(Stored data entries)
————

Lemma mclo_subst (k : T) : forall th et : sb,
  range_of (@closed BT L) th -> range_of (@closed BT L) et -> covers (override th et) k ->
  mclo et (subst th k) = subst (map_range (@mcl BT L) th) (mclo (override th et) k).
Proof.
  induction k as [|b k IHk|b k IHk|m k IHm IHk|m k IHm IHk|bs IH|bs IH|x k IHk|x]
    using term_nested_ind; intros th et Hth Het Hcov; simpl in *; try (f_equal; auto; fail).
  - rewrite subst_subst, (subst_closed _ (subst _ m)) by
      (try apply closed_subst; try apply range_of_override; auto;
       intros y Hy; apply Hcov, in_or_app; auto).
    f_equal. apply IHk; auto. intros y Hy. apply Hcov, in_or_app. auto.
  - rewrite subst_subst, (subst_closed _ (subst _ m)) by
      (try apply closed_subst; try apply range_of_override; auto;
       intros y Hy; apply Hcov, in_or_app; auto).
    f_equal. apply IHk; auto. intros y Hy. apply Hcov, in_or_app. auto.
  - f_equal. rewrite !map_br_map. apply map_br_ext. intros l k Hi.
    apply (IH l k Hi); auto. intros y Hy. apply Hcov, in_fv_branches. eauto.
  - f_equal. rewrite !map_br_map. apply map_br_ext. intros l k Hi.
    apply (IH l k Hi); auto. intros y Hy. apply Hcov, in_fv_branches. eauto.
  - f_equal.
    change (Mu x (subst (rem et x) (subst (rem th x) k))) with (subst et (subst th (Mu x k))).
    change (Mu x (subst (rem (override th et) x) k)) with (subst (override th et) (Mu x k)).
    rewrite subst_subst by exact Hth.
    set (W := subst (override th et) (Mu x k)).
    assert (HW : closed W) by (apply closed_subst; [apply range_of_override|]; auto).
    rewrite IHk, (mclo_ext k _ (upd (override th et) x W)).
    + apply subst_ext. intros y _. unfold map_range, rem. destruct (Nat.eqb y x); reflexivity.
    + intros y _. unfold override, rem, upd. destruct (Nat.eqb y x); reflexivity.
    + apply range_of_rem. exact Hth.
    + apply range_of_upd; assumption.
    + intros y Hy. unfold override, rem, upd. destruct (Nat.eqb_spec y x); [discriminate|].
      apply Hcov, in_fv_Mu. auto.
  - unfold map_range. destruct (th x) eqn:E; simpl; [|reflexivity].
    apply mclo_closed. eapply Hth. exact E.
Qed.

Fixpoint closed_msgs (t : T) : Prop :=
  match t with
  | One | Var _ _ _ => True
  | InT _ k | OutT _ k | Mu _ k => closed_msgs k
  | InM m k | OutM m k => closed m /\ closed_msgs k
  | Ext bs | IntC bs => all_br closed_msgs bs
  end.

————

[Problem requirements] Reproduce each of the records word for word.

[Task result]
Lemma mclo_subst (k : T) : forall th et : sb,
  range_of (@closed BT L) th -> range_of (@closed BT L) et -> covers (override th et) k ->
  mclo et (subst th k) = subst (map_range (@mcl BT L) th) (mclo (override th et) k).
Proof.
  induction k as [|b k IHk|b k IHk|m k IHm IHk|m k IHm IHk|bs IH|bs IH|x k IHk|x]
    using term_nested_ind; intros th et Hth Het Hcov; simpl in *; try (f_equal; auto; fail).
  - rewrite subst_subst, (subst_closed _ (subst _ m)) by
      (try apply closed_subst; try apply range_of_override; auto;
       intros y Hy; apply Hcov, in_or_app; auto).
    f_equal. apply IHk; auto. intros y Hy. apply Hcov, in_or_app. auto.
  - rewrite subst_subst, (subst_closed _ (subst _ m)) by
      (try apply closed_subst; try apply range_of_override; auto;
       intros y Hy; apply Hcov, in_or_app; auto).
    f_equal. apply IHk; auto. intros y Hy. apply Hcov, in_or_app. auto.
  - f_equal. rewrite !map_br_map. apply map_br_ext. intros l k Hi.
    apply (IH l k Hi); auto. intros y Hy. apply Hcov, in_fv_branches. eauto.
  - f_equal. rewrite !map_br_map. apply map_br_ext. intros l k Hi.
    apply (IH l k Hi); auto. intros y Hy. apply Hcov, in_fv_branches. eauto.
  - f_equal.
    change (Mu x (subst (rem et x) (subst (rem th x) k))) with (subst et (subst th (Mu x k))).
    change (Mu x (subst (rem (override th et) x) k)) with (subst (override th et) (Mu x k)).
    rewrite subst_subst by exact Hth.
    set (W := subst (override th et) (Mu x k)).
    assert (HW : closed W) by (apply closed_subst; [apply range_of_override|]; auto).
    rewrite IHk, (mclo_ext k _ (upd (override th et) x W)).
    + apply subst_ext. intros y _. unfold map_range, rem. destruct (Nat.eqb y x); reflexivity.
    + intros y _. unfold override, rem, upd. destruct (Nat.eqb y x); reflexivity.
    + apply range_of_rem. exact Hth.
    + apply range_of_upd; assumption.
    + intros y Hy. unfold override, rem, upd. destruct (Nat.eqb_spec y x); [discriminate|].
      apply Hcov, in_fv_Mu. auto.
  - unfold map_range. destruct (th x) eqn:E; simpl; [|reflexivity].
    apply mclo_closed. eapply Hth. exact E.
Qed.

Fixpoint closed_msgs (t : T) : Prop :=
  match t with
  | One | Var _ _ _ => True
  | InT _ k | OutT _ k | Mu _ k => closed_msgs k
  | InM m k | OutM m k => closed m /\ closed_msgs k
  | Ext bs | IntC bs => all_br closed_msgs bs
  end.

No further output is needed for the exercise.